Она произносила с особой ласковой и почтительной интонацией имя и отчество мужа: «Петр Лаврентьевич». Она ночами переписывала от руки его работы, хранила черновики, наклеивала на картон его случайные записи. Она считала его великим человеком, и в то же время он казался ей беспомощным дитятей.
— Нравится мне этот Штрум, — сказал Мадьяров. — Не понимаю, почему его считают неприятным человеком.
Он шутливо добавил:
— Я заметил, все свои речи он произносил при вас, Машенька, а когда вы хлопотали в кухне, он берег свое красноречие.
Она стояла лицом к двери, молчала, точно не слыша Мадьярова, потом сказала:
— Что вы, Леня, он ко мне относится, как к козявке. Петя его считает недобрым, насмешливым, надменным, за это его не любят физики, а некоторые его боятся. Но я не согласна, мне кажется, он очень добрый.
— Ну уж добрый меньше всего, — сказал Мадьяров. — Язвил всех, ни с кем не согласен. Но ум свободный, не замагничен.
— Нет, он добрый, незащищенный.
— Но надо признать, — проговорил Мадьяров, — Петенька и сейчас лишнего слова не скажет.
В это время Соколов вошел в комнату.

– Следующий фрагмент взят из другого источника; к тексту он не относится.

(* The loss of information about the receiver's orientation due to the nuisance parameters is $$\mathbf G(\boldsymbol\Phi_U,\boldsymbol\Phi_U)=\sum_b\frac{\mathbf a_b\mathbf a_b^T}{\sum_{u,k}\mathrm{SNR}_{bu,k}\omega_{bU,k}}+\frac{\mathbf a_Q\mathbf a_Q^T}{\sum_{q,u,k}\mathrm{SNR}_{qu,k}\omega_{qU,k}},$$ where $\mathbf a_b=\sum_{k,u}\mathrm{SNR}_{bu,k}\,\omega_{bU,k}\nabla_{\boldsymbol\Phi_U}\tau_{bu,k}$ and $\mathbf a_Q=\sum_{q,k,u}\mathrm{SNR}_{qu,k}\,\omega_{qU,k}\nabla_{\boldsymbol\Phi_U}\tau_{qu,k}$.
   Context: System: $N_B$ single-antenna LEO satellites indexed by $b$, $N_Q$ mutually synchronized single-antenna base stations (BSs) indexed by $q$, and a receiver with $N_U$ antennas indexed by $u$; transmissions occur in $N_K$ slots indexed by $k$, spaced $\Delta_t$ apart; $c$ is the speed of light, $f_c$ the carrier frequency. Receiver antenna $u$ is at $\mathbf p_{u,k}=\mathbf p_{U,0}+k\Delta_t\mathbf v_{U,0}+\mathbf Q(\boldsymbol\Phi_U)\tilde{\mathbf s}_u$, with $\mathbf Q(\boldsymbol\Phi_U)$ the 3D rotation matrix for orientation angles $\boldsymbol\Phi_U=[\alpha_U,\psi_U,\varphi_U]^T$ and $\tilde{\mathbf s}_u$ a known offset. LEO $b$ has known nominal position/velocity $\mathbf p_{b,k},\mathbf v_{b,k}$ and unknown constant position offset $\check{\mathbf p}_{b,0}$ and velocity offset $\check{\mathbf v}_{b,0}$; BSs are static and known. $\boldsymbol\Delta_{xy,k}$ is the unit vector from entity $x$ to entity $y$ at slot $k$ ($U$: receiver centroid, $u$: antenna $u$). Channel parameters: LEO–receiver link: delays $\tau_{bu,k}$, Dopplers $\nu_{bU,k}=\boldsymbol\Delta_{bU,k}^T(\mathbf v_{b,k}+\check{\mathbf v}_{b,0}-\mathbf v_{U,0})/c$, gains, time offset $\delta_{bU}$, frequency offset $\epsilon_{bU}$; BS–receiver link: delays $\tau_{qu,k}$, Dopplers $\nu_{qU,k}=-\boldsymbol\Delta_{qU,k}^T\mathbf v_{U,0}/c$, gains, common offsets $\delta_{QU},\epsilon_{QU}$; LEO–BS link: delays $\tau_{bq,k}$, Dopplers $\nu_{bq,k}=\boldsymbol\Delta_{bq,k}^T(\mathbf v_{b,k}+\check{\mathbf v}_{b,0})/c$, gains, offsets $\delta_{bQ},\epsilon_{bQ}$. $\mathrm{SNR}_{bu,k},\mathrm{SNR}_{qu,k},\mathrm{SNR}_{bq,k}$ are the received SNRs; $\alpha_{obu,k},\alpha_{oqu,k},\alpha_{obq,k}$ the RMS time durations; $\alpha_{1x,k},\alpha_{2x,k}$ the effective baseband bandwidth and baseband–carrier correlation of transmitter $x$; $f_{obU,k}=f_c(1-\nu_{bU,k})+\epsilon_{bU}$, $f_{oqU,k}=f_c(1-\nu_{qU,k})+\epsilon_{QU}$, $f_{obq,k}=f_c(1-\nu_{bq,k})+\epsilon_{bQ}$, and $\omega_{bU,k}=\alpha_{1b,k}^2+2f_{obU,k}\alpha_{1b,k}\alpha_{2b,k}+f_{obU,k}^2$, $\omega_{qU,k}=\alpha_{1q,k}^2+2f_{oqU,k}\alpha_{1q,k}\alpha_{2q,k}+f_{oqU,k}^2$, $\omega_{bq,k}=\alpha_{1q,k}^2+2f_{obq,k}\alpha_{1q,k}\alpha_{2q,k}+f_{obq,k}^2$. Channel-parameter FIM (links mutually independent, contributions additive): each observation (antenna $u$, slot $k$, LEO $b$) contributes $F(\tau_{bu,k},\tau_{bu,k})=F(\delta_{bU},\delta_{bU})=-F(\tau_{bu,k},\delta_{bU})=\mathrm{SNR}_{bu,k}\omega_{bU,k}$, $F(\nu_{bU,k},\nu_{bU,k})=\tfrac12\mathrm{SNR}_{bu,k}f_c^2\alpha_{obu,k}^2$, $F(\nu_{bU,k},\epsilon_{bU})=-\tfrac12\mathrm{SNR}_{bu,k}f_c\alpha_{obu,k}^2$, $F(\epsilon_{bU},\epsilon_{bU})=\tfrac12\mathrm{SNR}_{bu,k}\alpha_{obu,k}^2$, a gain-only diagonal term, and all other entries zero; the BS–receiver (indices $qu,k$, offsets $\delta_{QU},\epsilon_{QU}$, $\omega_{qU,k},\alpha_{oqu,k}$) and LEO–BS (indices $bq,k$, offsets $\delta_{bQ},\epsilon_{bQ}$, $\omega_{bq,k},\alpha_{obq,k}$) links are analogous. Location FIM: $\mathbf J_{\boldsymbol\kappa}=\boldsymbol\Upsilon\mathbf J_{\boldsymbol\eta}\boldsymbol\Upsilon^T$ where $\boldsymbol\Upsilon$ is the Jacobian with nonzero derivatives $\nabla_{\mathbf p_{U,0}}\tau_{bu,k}=\boldsymbol\Delta_{bu,k}/c$, $\nabla_{\mathbf p_{U,0}}\tau_{qu,k}=\boldsymbol\Delta_{qu,k}/c$, $\nabla_{\check{\mathbf p}_{b,0}}\tau_{bu,k}=-\boldsymbol\Delta_{bu,k}/c$, $\nabla_{\check{\mathbf p}_{b,0}}\tau_{bq,k}=-\boldsymbol\Delta_{bq,k}/c$, $\nabla_{\mathbf v_{U,0}}\tau_{bu,k}=k\Delta_t\boldsymbol\Delta_{bu,k}/c$, $\nabla_{\mathbf v_{U,0}}\tau_{qu,k}=k\Delta_t\boldsymbol\Delta_{qu,k}/c$, $\nabla_{\check{\mathbf v}_{b,0}}\tau_{bu,k}=-k\Delta_t\boldsymbol\Delta_{bu,k}/c$, $\nabla_{\check{\mathbf v}_{b,0}}\tau_{bq,k}=-k\Delta_t\boldsymbol\Delta_{bq,k}/c$, $\nabla_{\mathbf v_{U,0}}\nu_{bU,k}=-\boldsymbol\Delta_{bU,k}/c$, $\nabla_{\mathbf v_{U,0}}\nu_{qU,k}=-\boldsymbol\Delta_{qU,k}/c$, $\nabla_{\check{\mathbf v}_{b,0}}\nu_{bU,k}=\boldsymbol\Delta_{bU,k}/c$, $\nabla_{\check{\mathbf v}_{b,0}}\nu_{bq,k}=\boldsymbol\Delta_{bq,k}/c$, $\nabla_{\boldsymbol\Phi_U}\tau_{xu,k}=\frac1c[\boldsymbol\Delta_{xu,k}^T\partial_{\alpha_U}\mathbf Q\tilde{\mathbf s}_u,\boldsymbol\Delta_{xu,k}^T\partial_{\psi_U}\mathbf Q\tilde{\mathbf s}_u,\boldsymbol\Delta_{xu,k}^T\partial_{\varphi_U}\mathbf Q\tilde{\mathbf s}_u]^T$ ($x\in\{b,q\}$), the Doppler position-gradients $\nabla_{\mathbf p_{U,0}}\nu_{bU,k},\nabla_{\mathbf p_{U,0}}\nu_{qU,k},\nabla_{\check{\mathbf p}_{b,0}}\nu_{bU,k},\nabla_{\check{\mathbf p}_{b,0}}\nu_{bq,k}$, and identity on gains and offsets. $\mathbf F(\mathbf x,\mathbf y)$ denotes the block of $\mathbf J_{\boldsymbol\kappa}$ for sub-vectors $\mathbf x,\mathbf y$. Information loss: split $\boldsymbol\kappa=(\boldsymbol\kappa_1,\boldsymbol\kappa_2)$ with $\boldsymbol\kappa_1=(\mathbf p_{U,0},\mathbf v_{U,0},\boldsymbol\Phi_U,\{\check{\mathbf p}_{b,0}\},\{\check{\mathbf v}_{b,0}\})$ and nuisance $\boldsymbol\kappa_2$ = all channel gains and all time/frequency offsets $\delta_{bU},\epsilon_{bU},\delta_{QU},\epsilon_{QU},\delta_{bQ},\epsilon_{bQ}$. The loss matrix is $\mathbf J^{nu}=\mathbf J_{\boldsymbol\kappa_1,\boldsymbol\kappa_2}\mathbf J_{\boldsymbol\kappa_2}^{-1}\mathbf J_{\boldsymbol\kappa_1,\boldsymbol\kappa_2}^T$ (so the equivalent FIM is $\mathbf J_{\boldsymbol\kappa_1}-\mathbf J^{nu}$), and $\mathbf G(\mathbf x,\mathbf y)$ denotes its block for sub-vectors $\mathbf x,\mathbf y$. *)

From HB Require Import structures.
From mathcomp Require Import all_boot all_order all_algebra.
Set Implicit Arguments. Unset Strict Implicit. Unset Printing Implicit Defensive.
Import Order.TTheory GRing.Theory Num.Theory.
Local Open Scope ring_scope.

Он услышал слова Мадьярова.
— Я вот о чем попрошу тебя, Леонид Сергеевич, — сказал он, — не учи ты меня, а во-вторых, я попрошу тебя в моем присутствии подобных разговоров не вести.
Мадьяров сказал:
— Знаешь, Петр Лаврентьевич, и ты не учи меня. Я сам отвечаю за свои разговоры, как ты за свои.
Соколов хотел, видимо, ответить резкостью, но сдержался и вновь вышел из комнаты.
— Что ж, я, пожалуй, домой пойду, — сказал Мадьяров.
Марья Ивановна сказала:
— Вы меня очень огорчите. Ведь вы знаете его доброту. Он всю ночь будет мучиться.
Она стала объяснять, что у Петра Лаврентьевича ранимая душа, что он много пережил, его в тридцать седьмом году вызывали на жестокие допросы, после этого он провел четыре месяца в нервной клинике.
Мадьяров слушал, кивая головой, сказал:
— Ладно, ладно, Машенька, уговорили, — и, вдруг озлившись, добавил: — Все это верно, конечно, но не одного Петрушу вашего вызывали. Помните, когда меня продержали на Лубянке одиннадцать месяцев? Петр за это время позвонил Клаве один только раз по телефону. Это родной сестре, а? И если помните, он и вам запретил ей звонить. Клаве это было очень больно… Может быть, он у вас великий физик, но душа у него с лакеинкой.
Марья Ивановна закрыла лицо руками и сидела молча.
— Никто, никто не поймет, как мне это все больно, — сказала она тихо.
Она одна знала, как тридцать седьмой год и жестокости сплошной коллективизации были отвратительны ему, как он душевно чист. Но одна она знала, как велика его скованность, его рабская покорность перед властью.
Поэтому он и был дома таким капризным, бонзой, привык, чтобы Машенька чистила ему ботинки, обвевала его платочком в жару, во время дачных прогулок отгоняла от его лица веточкой комаров.